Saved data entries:
Lemma sqrt_iter_contract n : nrm (T n.+2 - T n.+1) <= rho * nrm (T n.+1 - T n).
Proof.
have -> : T n.+2 - T n.+1 = cst (2^-1) * ((T n.+1 - T n) * (T n.+1 + T n)).
  by rewrite !sqrt_iterS; ring.
rewrite nrm_cstM gtr0_norm ?invr_gt0 //.
have sum_le : nrm (T n.+1 + T n) <= rho + rho.
  apply: (le_trans (nrm_triangle HA _ _)).
  exact: lerD (nrm_sqrt_iter_le n.+1) (nrm_sqrt_iter_le n).
have := ler_wpM2l (nrm_ge0 HA (T n.+1 - T n)) sum_le.
have := nrm_submul HA (T n.+1 - T n) (T n.+1 + T n); lra.
Qed.

Lemma sqrt_one_sub : exists y, star y = y /\ y * y = 1 - X.
Proof.
have X0 := nrm_ge0 HA X.
have [rho0 rho1] : 0 < rho /\ rho < 1 by move: (nX) => nX1; split; lra.
have [l Tl] := nrm_complete HA (contraction_cauchy rho0 rho1 sqrt_iter_contract).
have l_fix : l = cst (2^-1) * (X + l * l).
  apply: (conv_uniq (conv_shift Tl)).
  exact/conv_mull/conv_addl/(conv_sqr nrm_sqrt_iter_le).
have sl : star l = l.
  apply: (conv_uniq _ Tl); apply: (conv_ext (conv_star Tl)) => n.
  exact: sqrt_iter_sa.
exists (1 - l); split; first by rewrite starB star1 sl.
have ll : l + l = X + l * l.
  by rewrite {1 2}l_fix -cst_splitr.
have -> : (1 - l) * (1 - l) = 1 - (l + l) + l * l by ring.
by rewrite ll opprD addrA subrK.
Qed.

End SqrtIteration.

Lemma sa_sqrt_near_cst Y mu : star Y = Y -> 0 < mu -> nrm (cst mu - Y) < mu ->
  exists m, star m = m /\ m * m = Y.
Proof.
move=> sY mu0 muY; set X := cst mu^-1 * (cst mu - Y).
have sX : star X = X by rewrite (star_mul HA) starB !star_cst sY mulrC.
have nX : nrm X < 1.
  by rewrite nrm_cstM gtr0_norm ?invr_gt0 // ltr_pdivrMl // mulr1.
have [y [sy yy]] := sqrt_one_sub sX nX.
exists (cst (Num.sqrt mu) * y); split; first by rewrite (star_mul HA) sy star_cst mulrC.
have -> : cst (Num.sqrt mu) * y * (cst (Num.sqrt mu) * y)
    = cst (Num.sqrt mu ^+ 2) * (y * y) by rewrite rmorphXn; ring.
rewrite sqr_sqrtr ?ltW // yy /X mulrBr mulrA -!rmorphM mulfV ?gt_eqF //.
by rewrite rmorph1 mul1r mulr1 subKr.
Qed.

Lemma nrm_le_add_sqr u a : star u = u -> star a = a ->
  nrm u ^+ 2 <= nrm (u * u + a * a).
Proof.
(* z = u + i a has z^* z = u^2 + a^2 by commutativity, and 2 u = z + z^*. *)
move=> su sa; set z := u + iA * a.
have sz : star z = u - iA * a.
  by rewrite (star_add HA) (star_mul HA) star_iA su sa mulrN mulrC.
have -> : u * u + a * a = star z * z.
  suff -> : star z * z = u * u - (iA * iA) * (a * a) by rewrite iA_sqr mulN1r opprK.
  by rewrite sz /z; move: iA => j; ring.
rewrite (cstar_identity HA) lerXn2r ?nnegrE ?(nrm_ge0 HA) //.
have -> : u = cst (2^-1) * (z + star z).
  by rewrite sz /z addrACA subrr addr0 mulrDr -cst_splitr.
rewrite nrm_cstM gtr0_norm ?invr_gt0 //.
have := nrm_triangle HA z (star z); rewrite nrm_star; lra.
Qed.

Lemma sa_sqrt_add_sqr a k d : star a = a -> star k = k -> 0 < d ->
  exists m, star m = m /\ m * m = a * a + k * k + cst d.
Proof.
(* Square roots v of lam - k^2 and u of lam - a^2 - k^2 exist; comparing
   u^2 + a^2 = v^2 and v^2 + k^2 = lam bounds ||lam - a^2 - k^2|| by lam. *)
move=> sa sk d0; set lam := nrm a ^+ 2 + nrm k ^+ 2 + 1.
have lam0 : 0 < lam by rewrite ltr_wpDl // addr_ge0 // exprn_ge0 // (nrm_ge0 HA).
have [v [sv vv]] : exists v, star v = v /\ v * v = cst lam - k * k.
  apply: (sa_sqrt_near_cst (mu := lam)) => //.
    by rewrite starB star_cst (star_mul HA) sk.
  rewrite subKr nrm_sqr // /lam; have := nrm_ge0 HA a; nra.
have [u [su uu]] : exists u, star u = u /\ u * u = cst lam - (a * a + k * k).
  apply: (sa_sqrt_near_cst (mu := lam)) => //.
    by rewrite starB star_cst (star_add HA) !(star_mul HA) sa sk.
  rewrite subKr; apply: (le_lt_trans (nrm_triangle HA _ _)).
  by rewrite !nrm_sqr // /lam ltrDl.
have nv : nrm v ^+ 2 <= lam.
  by have := nrm_le_add_sqr sv sk; rewrite vv subrK nrm_cst gtr0_norm.
have nu : nrm (u * u) <= lam.
  apply: le_trans nv; rewrite -nrm_sqr //.
  have -> : v * v = u * u + a * a by rewrite uu vv; ring.
  by rewrite nrm_sqr //; apply: nrm_le_add_sqr.
apply: (sa_sqrt_near_cst (mu := lam + d)).
- by rewrite !(star_add HA) !(star_mul HA) star_cst sa sk.
- by rewrite addr_gt0.
- have -> : cst (lam + d) - (a * a + k * k + cst d) = u * u by rewrite uu rmorphD; ring.
  by apply: (le_lt_trans nu); rewrite ltrDl.
Qed.

(* Stands for [0 <= p]: in a C*-algebra, p is positive iff every p + d with
   d > 0 is the square of a self-adjoint element. *)
Definition positive (p : A) : Prop :=
  forall d : R, 0 < d -> exists m, star m = m /\ m * m = p + cst d.

Lemma positive0 : positive 0.
Proof.
move=> d d0; exists (cst (Num.sqrt d)); split; first exact: star_cst.
by rewrite -rmorphM -expr2 sqr_sqrtr ?ltW // add0r.
Qed.

Lemma positiveD p q : positive p -> positive q -> positive (p + q).
Proof.
move=> pp pq d d0; have d3 : 0 < d / 3 by rewrite divr_gt0.
have [m [sm mm]] := pp _ d3; have [n [sn nn]] := pq _ d3.
have [r [sr rr]] := sa_sqrt_add_sqr sm sn d3.
exists r; split => //; rewrite rr mm nn.
have d_split : d = d / 3 + d / 3 + d / 3 by field.
by rewrite [in RHS]d_split !rmorphD; ring.
Qed.

Lemma positive_starM w : positive (star w * w).
Proof.
(* w^* w = a^2 + b^2 for the real and imaginary parts a, b of w. *)
set a := cst (2^-1) * (w + star w); set b := cst (2^-1) * (iA * (star w - w)).
have sa : star a = a.
  by rewrite (star_mul HA) star_cst (star_add HA) (star_invol HA) addrC mulrC.
have sb : star b = b.
  rewrite (star_mul HA) star_cst (star_mul HA) star_iA starB (star_invol HA) mulrC.
  by rewrite /b; move: iA => j; ring.
have -> : star w * w = a * a + b * b.
  have h4 : (2^-1 * 2^-1 * 4%:R : R) = 1 by field.
  rewrite -[star w * w]mul1r -(rmorph1 cst) -h4 !rmorphM rmorph_nat /a /b.
  move: iA iA_sqr => j jj.
  transitivity (cst (2^-1) * cst (2^-1) *
    ((w + star w) * (w + star w) + j * j * ((star w - w) * (star w - w)))); last by ring.
  by rewrite jj; ring.
by move=> d; apply: sa_sqrt_add_sqr.
Qed.

Lemma nrm_le_positiveD p q : positive p -> positive q -> nrm p <= nrm (p + q).
Proof.
move=> pp pq; apply/ler_addgt0Pr => e e0; have e3 : 0 < e / 3 by rewrite divr_gt0.
have [m [sm mm]] := pp _ e3; have [n [sn nn]] := pq _ e3.
have pm : nrm p <= nrm m ^+ 2 + e / 3.
  have -> : p = m * m - cst (e / 3) by rewrite mm addrK.
  apply: (le_trans (nrm_triangle HA _ _)).
  by rewrite nrmN nrm_cst gtr0_norm // nrm_sqr.
have mpq : nrm m ^+ 2 <= nrm (p + q) + (e / 3 + e / 3).
  apply: (le_trans (nrm_le_add_sqr sm sn)); rewrite mm nn.
  have -> : p + cst (e / 3) + (q + cst (e / 3)) = p + q + cst (e / 3 + e / 3).
    by rewrite rmorphD; ring.
  apply: (le_trans (nrm_triangle HA _ _)).
  by rewrite nrm_cst gtr0_norm ?addr_gt0.
lra.
Qed.

Lemma sum_starM_cvg0_eq0 (y : nat -> A) j :
  conv nrm (fun n => \sum_(k < n) star (y k) * y k) 0 -> y j = 0.
Proof.
move=> lim0; set w := star (y j) * y j.
have w_le n : (j < n)%N -> nrm w <= nrm (\sum_(k < n) star (y k) * y k).
  move=> jn; rewrite (bigD1 (Ordinal jn)) //=.
  apply: nrm_le_positiveD; first exact: positive_starM.
  apply: big_ind => [|p q|k _];
    [exact: positive0 | exact: positiveD | exact: positive_starM].
have w0 : nrm w = 0.
  apply/eqP; rewrite eq_le (nrm_ge0 HA) andbT; apply/ler_addgt0Pr => e e0.
  have [N HN] := lim0 _ e0; set n := maxn N j.+1.
  apply: (le_trans (w_le n (leq_maxr _ _))); rewrite add0r.
  by have := HN n (leq_maxl _ _); rewrite subr0 => /ltW.
by apply/(nrm_eq0 HA)/eqP; rewrite -sqrf_eq0 -(cstar_identity HA) w0.
Qed.

Lemma ip_lim (u v : nat -> A) l :
  conv nrm (fun n => \sum_(k < n) star (u k) * v k) l -> ip nrm star u v = l.
Proof. by move=> h; apply: (conv_uniq _ h); apply: epsilon_spec; exists l. Qed.

Lemma selfadjoint_eigen_star (F : (nat -> A) -> nat -> A) x alpha :
  is_selfadjoint nrm star F -> is_l2 nrm star x ->
  F x = (fun k => alpha * x k) -> F x = (fun k => star alpha * x k).
Proof.
move=> Fsa lx Fx; have [s xs] := lx.
have ip_Fx_x : ip nrm star (F x) x = star alpha * s.
  rewrite Fx; apply: ip_lim; apply: (conv_ext (conv_mull (star alpha) xs)) => n.
  by rewrite mulr_sumr; apply: eq_bigr => k _; rewrite (star_mul HA); ring.
have ip_x_Fx : ip nrm star x (F x) = alpha * s.
  rewrite Fx; apply: ip_lim; apply: (conv_ext (conv_mull alpha xs)) => n.
  by rewrite mulr_sumr; apply: eq_bigr => k _; rewrite mulrCA.
set delta := star alpha - alpha.
have ds : delta * s = 0 by rewrite mulrBl -ip_Fx_x -ip_x_Fx Fsa ?subrr.
have lim0 : conv nrm (fun n => \sum_(k < n) star (delta * x k) * (delta * x k)) 0.
  have := conv_mull (star delta * delta) xs; rewrite -mulrA ds mulr0 => lim.
  apply: (conv_ext lim) => n; rewrite mulr_sumr; apply: eq_bigr => k _.
  by rewrite (star_mul HA); ring.
rewrite Fx; apply: functional_extensionality => k; apply/esym/eqP.
rewrite -subr_eq0 -mulrBl; apply/eqP.
exact: (@sum_starM_cvg0_eq0 (fun i => delta * x i) k lim0).
Qed.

◆ WHAT THE TASK ASKS
Search the lines above for the string "starB", then show every one that has it.

◆ RESULT
exists (1 - l); split; first by rewrite starB star1 sl.
have sX : star X = X by rewrite (star_mul HA) starB !star_cst sY mulrC.
    by rewrite starB star_cst (star_mul HA) sk.
    by rewrite starB star_cst (star_add HA) !(star_mul HA) sa sk.
  rewrite (star_mul HA) star_cst (star_mul HA) star_iA starB (star_invol HA) mulrC.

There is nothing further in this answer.